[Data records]

□ □ □ □ □ □ □

From HB Require Import structures.
From mathcomp Require Import all_boot all_order all_algebra.
From mathcomp Require Import all_classical all_reals all_analysis.
From mathcomp Require Import measurable_realfun.
Set Implicit Arguments. Unset Strict Implicit. Unset Printing Implicit Defensive.
Import Order.TTheory GRing.Theory Num.Theory.
Local Open Scope classical_set_scope.
Local Open Scope ring_scope.

(* Write Z for the past Z^k and let g(Z) be a version of P(W in A | Z), a
   Radon-Nikodym derivative truncated at 1.  Unrolling the recursion of the
   strategy, the estimates \hat Y^{k+1} are a measurable function of (Z, X_k),
   so it suffices that g(Z) is also a version of P(W in A | Z, X_k), and by
   uniqueness of measures it is enough to test the events {Z in C, X_k in D}.
   The fresh observation X_k is drawn from P_{X_1}, or from K_k evaluated at
   (X_{k-1}, \hat Y_{k-1}), which is again a function of Z; hence
   P(X_k in D | W, Z) = phi(Z), and both P(W in A, Z in C, X_k in D) and
   E[g(Z); Z in C, X_k in D] equal E[g(Z) phi(Z); Z in C]. *)

Lemma measurable_preimage d d' (T : measurableType d) (U : measurableType d')
    (f : T -> U) (B : set U) :
  measurable_fun setT f -> measurable B -> measurable (f @^-1` B).
Proof. by move=> mf mB; rewrite -[X in measurable X]setTI; exact: mf. Qed.

Section pushforward_measures.
Local Open Scope ereal_scope.
Context d d' (T : measurableType d) (U : measurableType d') (R : realType).

Lemma semi_sigma_additive_pushforward (m : set T -> \bar R) (f : T -> U) :
  measurable_fun setT f -> semi_sigma_additive m ->
  semi_sigma_additive (pushforward m f).
Proof.
move=> mf sm F mF tF mUF; rewrite /pushforward preimage_bigcup.
apply: sm => [i||]; first exact: measurable_preimage.
  apply/trivIsetP => i j _ _ ij; rewrite -preimage_setI.
  by move/trivIsetP : tF => /(_ _ _ _ _ ij) ->//; rewrite preimage_set0.
by rewrite -preimage_bigcup; exact: measurable_preimage.
Qed.

(* The unused proof arguments let the measure instances below be inferred, as
   for [mrestr]. *)
Definition restr_pushforward (mu : set T -> \bar R) (S : set T)
    (mS : measurable S) (f : T -> U) (mf : measurable_fun setT f) :=
  pushforward (mrestr mu mS) f.

Definition density_pushforward (mu : set T -> \bar R) (h : T -> \bar R)
    (mh : measurable_fun setT h) (h0 : forall x, 0 <= h x)
    (f : T -> U) (mf : measurable_fun setT f) :=
  pushforward (fun A => \int[mu]_(x in A) h x) f.

Variables (f : T -> U) (mf : measurable_fun setT f).

Section restr.
Variables (mu : {measure set T -> \bar R}) (S : set T) (mS : measurable S).

Let restr_pushforward0 : restr_pushforward mu mS mf set0 = 0.
Proof. by rewrite /restr_pushforward /pushforward preimage_set0 measure0. Qed.

Let restr_pushforward_ge0 C : 0 <= restr_pushforward mu mS mf C.
Proof. exact: measure_ge0. Qed.

Let restr_pushforward_sigma_additive :
  semi_sigma_additive (restr_pushforward mu mS mf).
Proof.
exact/(semi_sigma_additive_pushforward mf)/measure_semi_sigma_additive.
Qed.

HB.instance Definition _ := isMeasure.Build _ _ _ (restr_pushforward mu mS mf)
  restr_pushforward0 restr_pushforward_ge0 restr_pushforward_sigma_additive.
End restr.

Section restr_finite.
Variables (mu : {finite_measure set T -> \bar R}) (S : set T)
  (mS : measurable S).

Let restr_pushforward_fin : fin_num_fun (restr_pushforward mu mS mf).
Proof. by move=> C mC; exact/fin_num_measure/measurable_preimage. Qed.

HB.instance Definition _ := Measure_isFinite.Build _ _ _
  (restr_pushforward mu mS mf) restr_pushforward_fin.
End restr_finite.

Section density.
Variables (mu : {measure set T -> \bar R}) (h : T -> \bar R)
  (mh : measurable_fun setT h) (h0 : forall x, 0 <= h x).

Let density_pushforward0 : density_pushforward mu mh h0 mf set0 = 0.
Proof.
by rewrite /density_pushforward /pushforward preimage_set0 integral_set0.
Qed.

Let density_pushforward_ge0 C : 0 <= density_pushforward mu mh h0 mf C.
Proof. exact: integral_ge0. Qed.

Let density_pushforward_sigma_additive :
  semi_sigma_additive (density_pushforward mu mh h0 mf).
Proof.
exact/(semi_sigma_additive_pushforward mf)/semi_sigma_additive_nng_induced.
Qed.

HB.instance Definition _ := isMeasure.Build _ _ _
  (density_pushforward mu mh h0 mf) density_pushforward0
  density_pushforward_ge0 density_pushforward_sigma_additive.
End density.

End pushforward_measures.

Section truncated_density.
Local Open Scope ereal_scope.
Context d (T : measurableType d) (R : realType).
Variables (mu nu : {measure set T -> \bar R}) (f : T -> \bar R).
Hypotheses (mf : measurable_fun setT f) (f0 : forall x, 0 <= f x).
Hypothesis nu_le_mu : forall C, measurable C -> nu C <= mu C.
Hypothesis nu_density : forall C, measurable C -> nu C = \int[mu]_(x in C) f x.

□ □ □ □ □ □ □

→ EXERCISE REQUIREMENTS: Return every record above exactly as it appears.

→ OUTPUT FOR THIS TASK:
From HB Require Import structures.
From mathcomp Require Import all_boot all_order all_algebra.
From mathcomp Require Import all_classical all_reals all_analysis.
From mathcomp Require Import measurable_realfun.
Set Implicit Arguments. Unset Strict Implicit. Unset Printing Implicit Defensive.
Import Order.TTheory GRing.Theory Num.Theory.
Local Open Scope classical_set_scope.
Local Open Scope ring_scope.

(* Write Z for the past Z^k and let g(Z) be a version of P(W in A | Z), a
   Radon-Nikodym derivative truncated at 1.  Unrolling the recursion of the
   strategy, the estimates \hat Y^{k+1} are a measurable function of (Z, X_k),
   so it suffices that g(Z) is also a version of P(W in A | Z, X_k), and by
   uniqueness of measures it is enough to test the events {Z in C, X_k in D}.
   The fresh observation X_k is drawn from P_{X_1}, or from K_k evaluated at
   (X_{k-1}, \hat Y_{k-1}), which is again a function of Z; hence
   P(X_k in D | W, Z) = phi(Z), and both P(W in A, Z in C, X_k in D) and
   E[g(Z); Z in C, X_k in D] equal E[g(Z) phi(Z); Z in C]. *)

Lemma measurable_preimage d d' (T : measurableType d) (U : measurableType d')
    (f : T -> U) (B : set U) :
  measurable_fun setT f -> measurable B -> measurable (f @^-1` B).
Proof. by move=> mf mB; rewrite -[X in measurable X]setTI; exact: mf. Qed.

Section pushforward_measures.
Local Open Scope ereal_scope.
Context d d' (T : measurableType d) (U : measurableType d') (R : realType).

Lemma semi_sigma_additive_pushforward (m : set T -> \bar R) (f : T -> U) :
  measurable_fun setT f -> semi_sigma_additive m ->
  semi_sigma_additive (pushforward m f).
Proof.
move=> mf sm F mF tF mUF; rewrite /pushforward preimage_bigcup.
apply: sm => [i||]; first exact: measurable_preimage.
  apply/trivIsetP => i j _ _ ij; rewrite -preimage_setI.
  by move/trivIsetP : tF => /(_ _ _ _ _ ij) ->//; rewrite preimage_set0.
by rewrite -preimage_bigcup; exact: measurable_preimage.
Qed.

(* The unused proof arguments let the measure instances below be inferred, as
   for [mrestr]. *)
Definition restr_pushforward (mu : set T -> \bar R) (S : set T)
    (mS : measurable S) (f : T -> U) (mf : measurable_fun setT f) :=
  pushforward (mrestr mu mS) f.

Definition density_pushforward (mu : set T -> \bar R) (h : T -> \bar R)
    (mh : measurable_fun setT h) (h0 : forall x, 0 <= h x)
    (f : T -> U) (mf : measurable_fun setT f) :=
  pushforward (fun A => \int[mu]_(x in A) h x) f.

Variables (f : T -> U) (mf : measurable_fun setT f).

Section restr.
Variables (mu : {measure set T -> \bar R}) (S : set T) (mS : measurable S).

Let restr_pushforward0 : restr_pushforward mu mS mf set0 = 0.
Proof. by rewrite /restr_pushforward /pushforward preimage_set0 measure0. Qed.

Let restr_pushforward_ge0 C : 0 <= restr_pushforward mu mS mf C.
Proof. exact: measure_ge0. Qed.

Let restr_pushforward_sigma_additive :
  semi_sigma_additive (restr_pushforward mu mS mf).
Proof.
exact/(semi_sigma_additive_pushforward mf)/measure_semi_sigma_additive.
Qed.

HB.instance Definition _ := isMeasure.Build _ _ _ (restr_pushforward mu mS mf)
  restr_pushforward0 restr_pushforward_ge0 restr_pushforward_sigma_additive.
End restr.

Section restr_finite.
Variables (mu : {finite_measure set T -> \bar R}) (S : set T)
  (mS : measurable S).

Let restr_pushforward_fin : fin_num_fun (restr_pushforward mu mS mf).
Proof. by move=> C mC; exact/fin_num_measure/measurable_preimage. Qed.

HB.instance Definition _ := Measure_isFinite.Build _ _ _
  (restr_pushforward mu mS mf) restr_pushforward_fin.
End restr_finite.

Section density.
Variables (mu : {measure set T -> \bar R}) (h : T -> \bar R)
  (mh : measurable_fun setT h) (h0 : forall x, 0 <= h x).

Let density_pushforward0 : density_pushforward mu mh h0 mf set0 = 0.
Proof.
by rewrite /density_pushforward /pushforward preimage_set0 integral_set0.
Qed.

Let density_pushforward_ge0 C : 0 <= density_pushforward mu mh h0 mf C.
Proof. exact: integral_ge0. Qed.

Let density_pushforward_sigma_additive :
  semi_sigma_additive (density_pushforward mu mh h0 mf).
Proof.
exact/(semi_sigma_additive_pushforward mf)/semi_sigma_additive_nng_induced.
Qed.

HB.instance Definition _ := isMeasure.Build _ _ _
  (density_pushforward mu mh h0 mf) density_pushforward0
  density_pushforward_ge0 density_pushforward_sigma_additive.
End density.

End pushforward_measures.

Section truncated_density.
Local Open Scope ereal_scope.
Context d (T : measurableType d) (R : realType).
Variables (mu nu : {measure set T -> \bar R}) (f : T -> \bar R).
Hypotheses (mf : measurable_fun setT f) (f0 : forall x, 0 <= f x).
Hypothesis nu_le_mu : forall C, measurable C -> nu C <= mu C.
Hypothesis nu_density : forall C, measurable C -> nu C = \int[mu]_(x in C) f x.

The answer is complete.